Task requirements
Your task is to set down the records below again, exactly.

>>

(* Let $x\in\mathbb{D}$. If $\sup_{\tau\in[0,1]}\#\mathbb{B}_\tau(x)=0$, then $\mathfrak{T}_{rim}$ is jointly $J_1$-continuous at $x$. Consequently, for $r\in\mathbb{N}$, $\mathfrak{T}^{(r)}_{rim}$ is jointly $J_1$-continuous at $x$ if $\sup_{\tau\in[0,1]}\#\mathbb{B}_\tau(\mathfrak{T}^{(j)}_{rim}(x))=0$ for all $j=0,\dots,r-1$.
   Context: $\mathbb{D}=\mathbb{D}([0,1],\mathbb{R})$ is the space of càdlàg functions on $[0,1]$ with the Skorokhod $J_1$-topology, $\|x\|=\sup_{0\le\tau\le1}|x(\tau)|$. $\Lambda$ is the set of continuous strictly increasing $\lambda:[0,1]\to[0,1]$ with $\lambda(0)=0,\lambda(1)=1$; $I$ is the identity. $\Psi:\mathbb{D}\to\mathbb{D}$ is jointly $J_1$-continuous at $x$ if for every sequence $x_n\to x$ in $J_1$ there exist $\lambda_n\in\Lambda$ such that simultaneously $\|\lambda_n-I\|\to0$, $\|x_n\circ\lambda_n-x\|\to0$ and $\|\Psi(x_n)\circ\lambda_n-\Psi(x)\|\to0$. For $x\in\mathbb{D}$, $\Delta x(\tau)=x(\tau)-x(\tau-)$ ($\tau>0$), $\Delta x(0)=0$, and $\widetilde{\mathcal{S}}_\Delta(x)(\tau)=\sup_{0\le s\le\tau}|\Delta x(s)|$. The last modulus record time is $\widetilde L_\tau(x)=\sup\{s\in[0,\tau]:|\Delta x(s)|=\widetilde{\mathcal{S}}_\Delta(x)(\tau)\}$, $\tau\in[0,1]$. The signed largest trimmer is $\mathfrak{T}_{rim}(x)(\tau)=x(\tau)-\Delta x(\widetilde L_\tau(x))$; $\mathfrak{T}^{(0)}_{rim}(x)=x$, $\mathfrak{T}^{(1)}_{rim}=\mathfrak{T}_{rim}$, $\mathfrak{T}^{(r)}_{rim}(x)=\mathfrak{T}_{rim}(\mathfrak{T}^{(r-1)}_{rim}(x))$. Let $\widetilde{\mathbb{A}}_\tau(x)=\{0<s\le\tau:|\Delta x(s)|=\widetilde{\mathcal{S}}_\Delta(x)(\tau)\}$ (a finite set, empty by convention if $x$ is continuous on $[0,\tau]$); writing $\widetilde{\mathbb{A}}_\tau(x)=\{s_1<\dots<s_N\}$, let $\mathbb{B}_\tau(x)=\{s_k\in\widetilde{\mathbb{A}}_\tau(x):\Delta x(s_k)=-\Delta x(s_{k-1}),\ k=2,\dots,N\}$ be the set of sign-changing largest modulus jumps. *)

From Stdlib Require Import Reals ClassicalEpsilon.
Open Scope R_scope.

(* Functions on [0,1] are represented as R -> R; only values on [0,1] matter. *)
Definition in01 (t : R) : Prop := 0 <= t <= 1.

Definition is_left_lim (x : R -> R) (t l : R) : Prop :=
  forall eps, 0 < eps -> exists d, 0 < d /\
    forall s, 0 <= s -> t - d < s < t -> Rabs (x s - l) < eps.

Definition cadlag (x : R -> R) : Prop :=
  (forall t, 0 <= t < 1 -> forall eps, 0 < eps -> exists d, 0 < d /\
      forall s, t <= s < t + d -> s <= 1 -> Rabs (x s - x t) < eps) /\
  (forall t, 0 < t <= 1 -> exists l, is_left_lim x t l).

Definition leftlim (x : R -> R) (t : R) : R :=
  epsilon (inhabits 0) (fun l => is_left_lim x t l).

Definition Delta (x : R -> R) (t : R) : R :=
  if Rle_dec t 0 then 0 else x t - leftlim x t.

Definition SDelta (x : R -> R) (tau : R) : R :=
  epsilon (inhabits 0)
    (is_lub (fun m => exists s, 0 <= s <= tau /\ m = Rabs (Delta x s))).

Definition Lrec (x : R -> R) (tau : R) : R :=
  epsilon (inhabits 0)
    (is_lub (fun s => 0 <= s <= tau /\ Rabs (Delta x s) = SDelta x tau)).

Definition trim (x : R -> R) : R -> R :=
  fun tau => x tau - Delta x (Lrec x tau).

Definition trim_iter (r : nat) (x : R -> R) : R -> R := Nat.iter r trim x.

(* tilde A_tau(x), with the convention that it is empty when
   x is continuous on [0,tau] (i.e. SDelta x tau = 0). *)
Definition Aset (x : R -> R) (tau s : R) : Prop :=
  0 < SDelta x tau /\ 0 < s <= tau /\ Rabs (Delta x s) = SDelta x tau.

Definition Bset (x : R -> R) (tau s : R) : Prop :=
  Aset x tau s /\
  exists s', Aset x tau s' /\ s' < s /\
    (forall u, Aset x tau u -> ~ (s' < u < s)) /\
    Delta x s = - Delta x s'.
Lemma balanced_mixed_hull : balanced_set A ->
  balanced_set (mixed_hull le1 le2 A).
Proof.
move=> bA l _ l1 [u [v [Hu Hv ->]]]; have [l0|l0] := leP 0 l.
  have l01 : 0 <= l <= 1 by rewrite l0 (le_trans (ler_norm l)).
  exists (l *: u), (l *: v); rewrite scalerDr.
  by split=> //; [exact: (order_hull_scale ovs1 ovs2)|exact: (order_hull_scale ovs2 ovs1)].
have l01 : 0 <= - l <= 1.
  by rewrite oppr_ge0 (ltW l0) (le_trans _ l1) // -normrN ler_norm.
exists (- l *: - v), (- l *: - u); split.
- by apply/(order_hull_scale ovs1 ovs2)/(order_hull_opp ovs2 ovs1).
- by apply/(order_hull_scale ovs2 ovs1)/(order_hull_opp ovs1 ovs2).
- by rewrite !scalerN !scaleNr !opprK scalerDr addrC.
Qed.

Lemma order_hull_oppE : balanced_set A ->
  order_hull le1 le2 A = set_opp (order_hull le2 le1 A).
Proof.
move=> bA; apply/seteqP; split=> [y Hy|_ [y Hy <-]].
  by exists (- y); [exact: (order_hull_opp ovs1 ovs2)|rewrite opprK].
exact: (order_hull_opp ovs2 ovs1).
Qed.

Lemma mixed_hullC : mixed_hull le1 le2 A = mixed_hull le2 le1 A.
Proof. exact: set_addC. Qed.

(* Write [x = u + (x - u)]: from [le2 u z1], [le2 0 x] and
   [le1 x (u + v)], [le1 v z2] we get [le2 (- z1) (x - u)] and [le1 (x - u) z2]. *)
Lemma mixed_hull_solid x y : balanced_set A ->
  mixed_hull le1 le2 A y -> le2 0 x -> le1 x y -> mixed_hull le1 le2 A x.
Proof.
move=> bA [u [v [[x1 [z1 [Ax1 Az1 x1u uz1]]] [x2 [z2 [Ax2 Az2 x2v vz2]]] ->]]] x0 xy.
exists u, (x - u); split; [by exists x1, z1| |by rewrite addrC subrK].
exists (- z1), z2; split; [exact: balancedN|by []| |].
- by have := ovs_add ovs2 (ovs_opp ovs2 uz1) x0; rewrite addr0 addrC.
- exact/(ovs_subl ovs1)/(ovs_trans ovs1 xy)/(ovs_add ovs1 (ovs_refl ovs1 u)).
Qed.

<<

Finished task
(* Let $x\in\mathbb{D}$. If $\sup_{\tau\in[0,1]}\#\mathbb{B}_\tau(x)=0$, then $\mathfrak{T}_{rim}$ is jointly $J_1$-continuous at $x$. Consequently, for $r\in\mathbb{N}$, $\mathfrak{T}^{(r)}_{rim}$ is jointly $J_1$-continuous at $x$ if $\sup_{\tau\in[0,1]}\#\mathbb{B}_\tau(\mathfrak{T}^{(j)}_{rim}(x))=0$ for all $j=0,\dots,r-1$.
   Context: $\mathbb{D}=\mathbb{D}([0,1],\mathbb{R})$ is the space of càdlàg functions on $[0,1]$ with the Skorokhod $J_1$-topology, $\|x\|=\sup_{0\le\tau\le1}|x(\tau)|$. $\Lambda$ is the set of continuous strictly increasing $\lambda:[0,1]\to[0,1]$ with $\lambda(0)=0,\lambda(1)=1$; $I$ is the identity. $\Psi:\mathbb{D}\to\mathbb{D}$ is jointly $J_1$-continuous at $x$ if for every sequence $x_n\to x$ in $J_1$ there exist $\lambda_n\in\Lambda$ such that simultaneously $\|\lambda_n-I\|\to0$, $\|x_n\circ\lambda_n-x\|\to0$ and $\|\Psi(x_n)\circ\lambda_n-\Psi(x)\|\to0$. For $x\in\mathbb{D}$, $\Delta x(\tau)=x(\tau)-x(\tau-)$ ($\tau>0$), $\Delta x(0)=0$, and $\widetilde{\mathcal{S}}_\Delta(x)(\tau)=\sup_{0\le s\le\tau}|\Delta x(s)|$. The last modulus record time is $\widetilde L_\tau(x)=\sup\{s\in[0,\tau]:|\Delta x(s)|=\widetilde{\mathcal{S}}_\Delta(x)(\tau)\}$, $\tau\in[0,1]$. The signed largest trimmer is $\mathfrak{T}_{rim}(x)(\tau)=x(\tau)-\Delta x(\widetilde L_\tau(x))$; $\mathfrak{T}^{(0)}_{rim}(x)=x$, $\mathfrak{T}^{(1)}_{rim}=\mathfrak{T}_{rim}$, $\mathfrak{T}^{(r)}_{rim}(x)=\mathfrak{T}_{rim}(\mathfrak{T}^{(r-1)}_{rim}(x))$. Let $\widetilde{\mathbb{A}}_\tau(x)=\{0<s\le\tau:|\Delta x(s)|=\widetilde{\mathcal{S}}_\Delta(x)(\tau)\}$ (a finite set, empty by convention if $x$ is continuous on $[0,\tau]$); writing $\widetilde{\mathbb{A}}_\tau(x)=\{s_1<\dots<s_N\}$, let $\mathbb{B}_\tau(x)=\{s_k\in\widetilde{\mathbb{A}}_\tau(x):\Delta x(s_k)=-\Delta x(s_{k-1}),\ k=2,\dots,N\}$ be the set of sign-changing largest modulus jumps. *)

From Stdlib Require Import Reals ClassicalEpsilon.
Open Scope R_scope.

(* Functions on [0,1] are represented as R -> R; only values on [0,1] matter. *)
Definition in01 (t : R) : Prop := 0 <= t <= 1.

Definition is_left_lim (x : R -> R) (t l : R) : Prop :=
  forall eps, 0 < eps -> exists d, 0 < d /\
    forall s, 0 <= s -> t - d < s < t -> Rabs (x s - l) < eps.

Definition cadlag (x : R -> R) : Prop :=
  (forall t, 0 <= t < 1 -> forall eps, 0 < eps -> exists d, 0 < d /\
      forall s, t <= s < t + d -> s <= 1 -> Rabs (x s - x t) < eps) /\
  (forall t, 0 < t <= 1 -> exists l, is_left_lim x t l).

Definition leftlim (x : R -> R) (t : R) : R :=
  epsilon (inhabits 0) (fun l => is_left_lim x t l).

Definition Delta (x : R -> R) (t : R) : R :=
  if Rle_dec t 0 then 0 else x t - leftlim x t.

Definition SDelta (x : R -> R) (tau : R) : R :=
  epsilon (inhabits 0)
    (is_lub (fun m => exists s, 0 <= s <= tau /\ m = Rabs (Delta x s))).

Definition Lrec (x : R -> R) (tau : R) : R :=
  epsilon (inhabits 0)
    (is_lub (fun s => 0 <= s <= tau /\ Rabs (Delta x s) = SDelta x tau)).

Definition trim (x : R -> R) : R -> R :=
  fun tau => x tau - Delta x (Lrec x tau).

Definition trim_iter (r : nat) (x : R -> R) : R -> R := Nat.iter r trim x.

(* tilde A_tau(x), with the convention that it is empty when
   x is continuous on [0,tau] (i.e. SDelta x tau = 0). *)
Definition Aset (x : R -> R) (tau s : R) : Prop :=
  0 < SDelta x tau /\ 0 < s <= tau /\ Rabs (Delta x s) = SDelta x tau.

Definition Bset (x : R -> R) (tau s : R) : Prop :=
  Aset x tau s /\
  exists s', Aset x tau s' /\ s' < s /\
    (forall u, Aset x tau u -> ~ (s' < u < s)) /\
    Delta x s = - Delta x s'.
Lemma balanced_mixed_hull : balanced_set A ->
  balanced_set (mixed_hull le1 le2 A).
Proof.
move=> bA l _ l1 [u [v [Hu Hv ->]]]; have [l0|l0] := leP 0 l.
  have l01 : 0 <= l <= 1 by rewrite l0 (le_trans (ler_norm l)).
  exists (l *: u), (l *: v); rewrite scalerDr.
  by split=> //; [exact: (order_hull_scale ovs1 ovs2)|exact: (order_hull_scale ovs2 ovs1)].
have l01 : 0 <= - l <= 1.
  by rewrite oppr_ge0 (ltW l0) (le_trans _ l1) // -normrN ler_norm.
exists (- l *: - v), (- l *: - u); split.
- by apply/(order_hull_scale ovs1 ovs2)/(order_hull_opp ovs2 ovs1).
- by apply/(order_hull_scale ovs2 ovs1)/(order_hull_opp ovs1 ovs2).
- by rewrite !scalerN !scaleNr !opprK scalerDr addrC.
Qed.

Lemma order_hull_oppE : balanced_set A ->
  order_hull le1 le2 A = set_opp (order_hull le2 le1 A).
Proof.
move=> bA; apply/seteqP; split=> [y Hy|_ [y Hy <-]].
  by exists (- y); [exact: (order_hull_opp ovs1 ovs2)|rewrite opprK].
exact: (order_hull_opp ovs2 ovs1).
Qed.

Lemma mixed_hullC : mixed_hull le1 le2 A = mixed_hull le2 le1 A.
Proof. exact: set_addC. Qed.

(* Write [x = u + (x - u)]: from [le2 u z1], [le2 0 x] and
   [le1 x (u + v)], [le1 v z2] we get [le2 (- z1) (x - u)] and [le1 (x - u) z2]. *)
Lemma mixed_hull_solid x y : balanced_set A ->
  mixed_hull le1 le2 A y -> le2 0 x -> le1 x y -> mixed_hull le1 le2 A x.
Proof.
move=> bA [u [v [[x1 [z1 [Ax1 Az1 x1u uz1]]] [x2 [z2 [Ax2 Az2 x2v vz2]]] ->]]] x0 xy.
exists u, (x - u); split; [by exists x1, z1| |by rewrite addrC subrK].
exists (- z1), z2; split; [exact: balancedN|by []| |].
- by have := ovs_add ovs2 (ovs_opp ovs2 uz1) x0; rewrite addr0 addrC.
- exact/(ovs_subl ovs1)/(ovs_trans ovs1 xy)/(ovs_add ovs1 (ovs_refl ovs1 u)).
Qed.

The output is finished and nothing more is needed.